### PROBLEM
In the entries below, find the line with "Proof. by []. Qed." and the line with "move=> inj bnd.". Print those two and everything between them exactly, and nothing else.

### RECORDS PROVIDED
______________________________

Lemma swapE (A : arr) i j x :
  swap A i j x = if x == j then A i else if x == i then A j else A x.
Proof. by []. Qed.

Definition arr_inj n (A : arr) :=
  forall i j, 1 <= i <= n -> 1 <= j <= n -> A i = A j -> i = j.

Definition arr_bound n (A : arr) := forall j, 1 <= j <= n -> A j < n.

Lemma subarr_uniq n (Y : arr) a len : arr_inj n Y -> 1 <= a -> a + len <= n.+1 ->
  uniq (subarr Y a len).
Proof.
move=> inj a1 al; rewrite map_inj_in_uniq ?iota_uniq // => i j.
by rewrite !mem_iota => hi hj /inj; apply; lia.
Qed.

Lemma arr_surj n (Y : arr) : arr_inj n Y -> arr_bound n Y ->
  forall x, x < n -> exists2 j, 1 <= j <= n & Y j = x.
Proof.
move=> inj bnd.
have U : uniq (subarr Y 1 n) by apply: subarr_uniq inj _ _; lia.
have [_ E] := uniq_min_size U (s2 := iota 0 n)
  ltac:(move=> x /mapP [j]; rewrite !mem_iota => hj ->; apply: bnd; lia)
  ltac:(by rewrite size_map !size_iota).
move=> x xn; have : x \in subarr Y 1 n by rewrite E mem_iota.
by case/mapP => j; rewrite mem_iota => hj ->; exists j => //; lia.
Qed.

Lemma subarr_values n (Y : arr) a len m0 m : arr_inj n Y -> arr_bound n Y ->
  1 <= a -> a + len <= n.+1 -> m0 + m <= n ->
  (forall j, 1 <= j <= n -> (a <= j < a + len) = (m0 <= Y j < m0 + m)) ->
  perm_eq (subarr Y a len) (iota m0 m).
Proof.
move=> inj bnd a1 al mn blk; apply: uniq_perm; rewrite ?iota_uniq //.
  exact: subarr_uniq inj a1 al.
move=> x; rewrite mem_iota; apply/mapP/idP.
  by case=> j; rewrite mem_iota => hj ->; rewrite -blk //; lia.
move=> hx; have [|j hj Yj] := arr_surj inj bnd (x := x); first lia.
by exists j; rewrite // mem_iota blk // Yj.
Qed.

Definition partitioned n (Y : arr) l g := forall j, 1 <= j <= n ->
  [/\ j < l -> Y j < Y l, l < j < g -> Y l < Y j < Y g & g < j -> Y g < Y j].

Lemma partitioned_blocks n (Y : arr) l g : arr_inj n Y -> arr_bound n Y ->
  1 <= l < g -> g <= n -> Y l < Y g -> partitioned n Y l g ->
  [/\ Y l = l.-1, Y g = g.-1, perm_eq (subarr Y 1 (l - 1)) (iota 0 (l - 1)),
      perm_eq (subarr Y l.+1 (g - l - 1)) (iota l (g - l - 1)) &
      perm_eq (subarr Y g.+1 (n - g)) (iota g (n - g))].
Proof.
move=> inj bnd lg gn pq part.
have ql : Y g < n by apply: bnd; lia.
have cls j : 1 <= j <= n ->
    [\/ j < l /\ Y j < Y l, j = l \/ j = g, l < j < g /\ Y l < Y j < Y g
      | g < j /\ Y g < Y j].
  move=> hj; have [c1 c2 c3] := part j hj.
  case: (ltngtP j l) => [jl|lj|->]; last by constructor 2; left.
    by constructor 1; split; [|apply: c1].
  case: (ltngtP j g) => [jg|gj|->]; last by constructor 2; right.
    by constructor 3; split; [|apply: c2]; lia.
  by constructor 4; split; [|apply: c3].
have B1 : perm_eq (subarr Y 1 (l - 1)) (iota 0 (Y l)).
  apply: (subarr_values (n := n)) => //; try lia.
  by move=> j hj; case/cls: (hj) => [[? ?]|[->|->]|[? ?]|[? ?]]; lia.
have B2 : perm_eq (subarr Y l.+1 (g - l - 1)) (iota (Y l).+1 (Y g - Y l - 1)).
  apply: (subarr_values (n := n)) => //; try lia.
  by move=> j hj; case/cls: (hj) => [[? ?]|[->|->]|[? ?]|[? ?]]; lia.
have B3 : perm_eq (subarr Y g.+1 (n - g)) (iota (Y g).+1 (n - (Y g).+1)).
  apply: (subarr_values (n := n)) => //; try lia.
  move=> j hj; have := bnd j hj.
  by case/cls: (hj) => [[? ?]|[->|->]|[? ?]|[? ?]] ?; lia.
have := perm_size B1; have := perm_size B2; have := perm_size B3.
rewrite !size_map !size_iota => s3 s2 s1.
have El : Y l = l.-1 by lia.
have Eg : Y g = g.-1 by lia.
move: B1 B2 B3; rewrite El Eg.
have -> : l.-1 = l - 1 by lia.
have -> : (l - 1).+1 = l by lia.
have -> : (g.-1).+1 = g by lia.
by have -> : g.-1 - (l - 1) - 1 = g - l - 1 by lia.
Qed.

Lemma dec_g_range f (A : arr) q k g : k <= g -> k <= dec_g f A q k g <= g.
Proof.
elim: f g => [|f IH] g /= kg; first lia.
case: ifP => [/andP[_ kg']|]; last lia.
have := IH g.-1 ltac:(lia); lia.
Qed.

Lemma dec_g_spec f (A : arr) q k g : k <= g -> g <= k + f ->
  (forall j, dec_g f A q k g < j <= g -> q < A j) /\
  (dec_g f A q k g = k \/ A (dec_g f A q k g) <= q).
Proof.
elim: f g => [|f IH] g /= kg gf.
  by split; [move=> j; lia | left; lia].
case: ifP => [/andP[qA kg'] | stop].
  have [large stopped] := IH g.-1 ltac:(lia) ltac:(lia).
  split => // j hj; have [->|ne] := eqVneq j g => //.
  by apply: large; lia.
split; first by move=> j; lia.
case: (ltnP k g) => kg2; last by left; lia.
by right; move: stop; rewrite kg2 andbT => /negbT; rewrite -leqNgt.
Qed.

Lemma swap_inj n A i j : 1 <= i <= n -> 1 <= j <= n -> arr_inj n A -> arr_inj n (swap A i j).
Proof.
move=> hi hj hA x y hx hy; rewrite !swapE.
case: eqP => ex; case: eqP => ey; try (move=> /hA; lia);
  (case: eqP => ex'; try (move=> /hA; lia));
  (case: eqP => ey'; move=> /hA; lia).
Qed.

Lemma swap_bound n A i j : 1 <= i <= n -> 1 <= j <= n -> arr_bound n A -> arr_bound n (swap A i j).
Proof.
move=> hi hj hA x hx; rewrite !swapE.
by case: eqP => _; [apply: hA | case: eqP => _; apply: hA].
Qed.

Record loop_inv (n : nat) (A0 A : arr) (p q l g k f : nat) : Prop := LoopInv {
  inv_l : 2 <= l; inv_lk : l <= k; inv_lg : l <= g.+1; inv_g : g <= n.-1;
  inv_fuel : g.+2 <= k + f;
  inv_first : A 1 = A0 1; inv_last : A n = A0 n;
  inv_inj : arr_inj n A; inv_bound : arr_bound n A;
  inv_small : forall j, 2 <= j < l -> A j < p;
  inv_medium : forall j, l <= j -> j < k -> j <= g -> p <= A j <= q;
  inv_large : forall j, g < j <= n.-1 -> q <= A j }.

Record loop_post (n : nat) (A0 A : arr) (p q l g : nat) : Prop := LoopPost {
  post_l : 2 <= l; post_lg : l <= g.+1; post_g : g <= n.-1;
  post_first : A 1 = A0 1; post_last : A n = A0 n;
  post_inj : arr_inj n A; post_bound : arr_bound n A;
  post_small : forall j, 2 <= j < l -> A j < p;
  post_medium : forall j, l <= j <= g -> p <= A j <= q;
  post_large : forall j, g < j <= n.-1 -> q <= A j }.

Lemma loop_exit n A0 A p q l g k f :
  loop_inv n A0 A p q l g k f -> g < k -> loop_post n A0 A p q l g.
Proof.
case=> *; split => // j /andP[? ?].
match goal with H : forall j, _ -> _ -> _ -> _ |- _ => apply: H end; lia.
Qed.

Ltac swap_cases := rewrite ?swapE; repeat (case: eqP => ?); try lia.
Ltac use_loop_inv := match goal with
 | |- _ => lia
 | H : forall j : nat, _ |- _ => apply: H; lia
 | H : forall j : nat, _ |- _ => apply: ltnW; apply: H; lia
 | H : _ \/ _ |- _ => case: H => ?; lia
 end.

Lemma loop_step_small n A0 A p q l g k f : loop_inv n A0 A p q l g k f.+1 ->
  k <= g -> A k < p -> loop_inv n A0 (swap A k l) p q l.+1 g k.+1 f.
Proof.
case=> il ilk ilg ig iff i1 in_ iinj ibnd iS iM iL kg Akp; split; try lia.
- by swap_cases.
- by swap_cases.
- by apply: swap_inj => //; lia.
- by apply: swap_bound => //; lia.
- by move=> j hj; swap_cases; apply: iS; lia.
- by move=> j h1 h2 h3; swap_cases; apply: iM; lia.
- by move=> j hj; swap_cases; apply: iL; lia.
Qed.

Lemma loop_step_medium n A0 A p q l g k f : loop_inv n A0 A p q l g k f.+1 ->
  k <= g -> p <= A k < q -> loop_inv n A0 A p q l g k.+1 f.
Proof.
case=> il ilk ilg ig iff i1 in_ iinj ibnd iS iM iL kg Ak; split => //; try lia.
move=> j h1 h2 h3; case: (ltnP j k) => jk; first by apply: iM.
have -> : j = k by lia.
by move/andP: Ak => [? ?]; apply/andP; split => //; apply: ltnW.
Qed.

Lemma loop_step_large n A0 A p q l g k f g' : p <= q -> loop_inv n A0 A p q l g k f.+1 ->
  k <= g -> q <= A k -> k <= g' <= g -> (forall j, g' < j <= g -> q < A j) ->
  g' = k \/ A g' <= q -> p <= A g' -> loop_inv n A0 (swap A k g') p q l g'.-1 k.+1 f.
Proof.
move=> pq [il ilk ilg ig iff i1 in_ iinj ibnd iS iM iL] kg qAk /andP[d1 d2] d3 d4 pAg.
split; try lia.
- by swap_cases.
- by swap_cases.
- by apply: swap_inj => //; lia.
- by apply: swap_bound => //; lia.
- by move=> j hj; swap_cases; use_loop_inv.
- by move=> j h1 h2 h3; swap_cases; use_loop_inv.
- by move=> j hj; swap_cases; case: (leqP j g) => ?; use_loop_inv.
Qed.

Lemma loop_step_large_small n A0 A p q l g k f g' : p <= q -> loop_inv n A0 A p q l g k f.+1 ->
  k <= g -> q <= A k -> k <= g' <= g -> (forall j, g' < j <= g -> q < A j) ->
  g' = k \/ A g' <= q -> A g' < p ->
  loop_inv n A0 (swap (swap A k g') k l) p q l.+1 g'.-1 k.+1 f.
Proof.
move=> pq [il ilk ilg ig iff i1 in_ iinj ibnd iS iM iL] kg qAk /andP[d1 d2] d3 d4 pAg.
have kg' : k < g'.
  case: (ltnP k g') => // h; have eg : g' = k by lia.
  by move: pAg; rewrite eg; lia.
split; try lia.
- by swap_cases.
- by swap_cases.
- by apply: swap_inj; [lia|lia|apply: swap_inj; [lia|lia|done]].
- by apply: swap_bound; [lia|lia|apply: swap_bound; [lia|lia|done]].
- by move=> j hj; swap_cases; use_loop_inv.
- by move=> j h1 h2 h3; swap_cases; use_loop_inv.
- by move=> j hj; swap_cases; case: (leqP j g) => ?; use_loop_inv.
Qed.

Lemma yloop_post n A0 p q : p <= q -> forall f A l g k,
  loop_inv n A0 A p q l g k f ->
  let: (A1, l1, g1) := yloop f A p q l g k in loop_post n A0 A1 p q l1 g1.
Proof.
move=> pq; elim=> [|f IH] A l g k I /=.
  by apply: (loop_exit I); have := inv_fuel I; lia.
case: (leqP k g) => kg; last by apply: (loop_exit I).
case: ifP => [Akp|/negbT Akp]; first exact/IH/loop_step_small.
case: ifP => [qAk|/negbT qAk]; last by apply/IH/loop_step_medium => //; lia.
have range := dec_g_range f.+1 A q kg.
have fuel : g <= k + f.+1 by have := inv_fuel I; lia.
have [large stop] := @dec_g_spec f.+1 A q k g kg fuel.
set g' := dec_g f.+1 A q k g in range large stop.
have -> : (if (q < A g) && (k < g) then dec_g f A q k g.-1 else g) = g' by [].
case: ifP => [pAg|/negbT pAg]; first exact/IH/(loop_step_large pq I).
by apply/IH/(loop_step_large_small pq I) => //; lia.
Qed.

Definition place_pivots (A1 : arr) (l g n p q : nat) : arr :=
  let A2 := upd A1 1 (A1 l) in let A3 := upd A2 l p in
  let A4 := upd A3 n (A3 g) in upd A4 g q.

Lemma yaroslavskiyE A n : yaroslavskiy A 1 n =
  let: (A1, l1, g1) := yloop (n - 1).+1 A (minn (A 1) (A n)) (maxn (A 1) (A n)) 2 n.-1 2 in
  (place_pivots A1 l1.-1 g1.+1 n (minn (A 1) (A n)) (maxn (A 1) (A n)), l1.-1, g1.+1).
Proof. by rewrite /yaroslavskiy; case: yloop => [[]]. Qed.

Lemma place_pivotsE n (A1 : arr) l g p q j : 1 <= l < g -> g <= n -> 1 <= j <= n ->
  let rho := if j == 1 then l else if j == n then g else j in
  place_pivots A1 l g n p q j =
    if j == l then p else if j == g then q else A1 rho.
Proof. by move=> hlg gn hj /=; rewrite /place_pivots !updE; repeat (case: eqP => ?); lia. Qed.

Lemma place_pivots_inside n (A1 : arr) p q l1 g1 j : 2 <= l1 <= g1.+1 -> g1 <= n.-1 ->
  1 <= j <= n -> j != l1.-1 -> j != g1.+1 ->
  exists2 r, 2 <= r <= n.-1 & [/\ place_pivots A1 l1.-1 g1.+1 n p q j = A1 r,
    r = (if j == 1 then l1.-1 else if j == n then g1.+1 else j),
    j < l1.-1 -> r < l1, l1.-1 < j < g1.+1 -> l1 <= r <= g1 & g1.+1 < j -> g1 < r].
Proof.
move=> hl hg hj /negbTE jl /negbTE jg; rewrite place_pivotsE ?jl ?jg //; try lia.
by eexists; last split; [|reflexivity|reflexivity|..]; repeat (case: eqP => ?); lia.
Qed.

(* The final moves keep the array a permutation array, because the pivots do
   not occur in the scanned range [2, n-1]. *)
Lemma place_pivots_inj n (A1 : arr) p q l1 g1 : 2 <= l1 <= g1.+1 -> g1 <= n.-1 ->
  arr_inj n A1 -> p != q -> (forall r, 2 <= r <= n.-1 -> A1 r <> p /\ A1 r <> q) ->
  arr_inj n (place_pivots A1 l1.-1 g1.+1 n p q).
Proof.
move=> hl hg inj1 pq inner; set Y := place_pivots _ _ _ _ _ _.
have Yl : Y l1.-1 = p by rewrite /Y place_pivotsE ?eqxx //; lia.
have Yg : Y g1.+1 = q by rewrite /Y place_pivotsE ?eqxx ?ifN_eq //; lia.
have at_pivot j : 1 <= j <= n -> (Y j = p -> j = l1.-1) /\ (Y j = q -> j = g1.+1).
  move=> hj; case: (eqVneq j l1.-1) => [->|jl]; first by rewrite Yl; split => // /eqP; rewrite (negbTE pq).
  case: (eqVneq j g1.+1) => [->|jg]; first by rewrite Yg; split => // /eqP; rewrite eq_sym (negbTE pq).
  have [r /inner [? ?] [E _ _ _ _]] := place_pivots_inside A1 p q hl hg hj jl jg.
  by rewrite /Y E.
move=> i j hi hj E.
have [pi qi] := at_pivot i hi; have [pj qj] := at_pivot j hj.
case: (eqVneq i l1.-1) => [il|il]; first by rewrite il pj // -E il.
case: (eqVneq i g1.+1) => [ig|ig]; first by rewrite ig qj // -E ig.
case: (eqVneq j l1.-1) => [jl|jl]; first by move: il; rewrite pi ?eqxx // E jl.
case: (eqVneq j g1.+1) => [jg|jg]; first by move: ig; rewrite qi ?eqxx // E jg.
have [ri hri [Ei Eri _ _ _]] := place_pivots_inside A1 p q hl hg hi il ig.
have [rj hrj [Ej Erj _ _ _]] := place_pivots_inside A1 p q hl hg hj jl jg.
have /inj1 eq_r : A1 ri = A1 rj by rewrite -Ei -Ej.
have {}eq_r := eq_r ltac:(lia) ltac:(lia); rewrite Eri Erj in eq_r.
move: il ig jl jg => /eqP il /eqP ig /eqP jl /eqP jg.
clear -eq_r il ig jl jg hi hj hl hg.
by move: eq_r; case: (i =P 1); case: (i =P n); case: (j =P 1); case: (j =P n); lia.
Qed.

______________________________

### EXPECTED ANSWER
Proof. by []. Qed.

Definition arr_inj n (A : arr) :=
  forall i j, 1 <= i <= n -> 1 <= j <= n -> A i = A j -> i = j.

Definition arr_bound n (A : arr) := forall j, 1 <= j <= n -> A j < n.

Lemma subarr_uniq n (Y : arr) a len : arr_inj n Y -> 1 <= a -> a + len <= n.+1 ->
  uniq (subarr Y a len).
Proof.
move=> inj a1 al; rewrite map_inj_in_uniq ?iota_uniq // => i j.
by rewrite !mem_iota => hi hj /inj; apply; lia.
Qed.

Lemma arr_surj n (Y : arr) : arr_inj n Y -> arr_bound n Y ->
  forall x, x < n -> exists2 j, 1 <= j <= n & Y j = x.
Proof.
move=> inj bnd.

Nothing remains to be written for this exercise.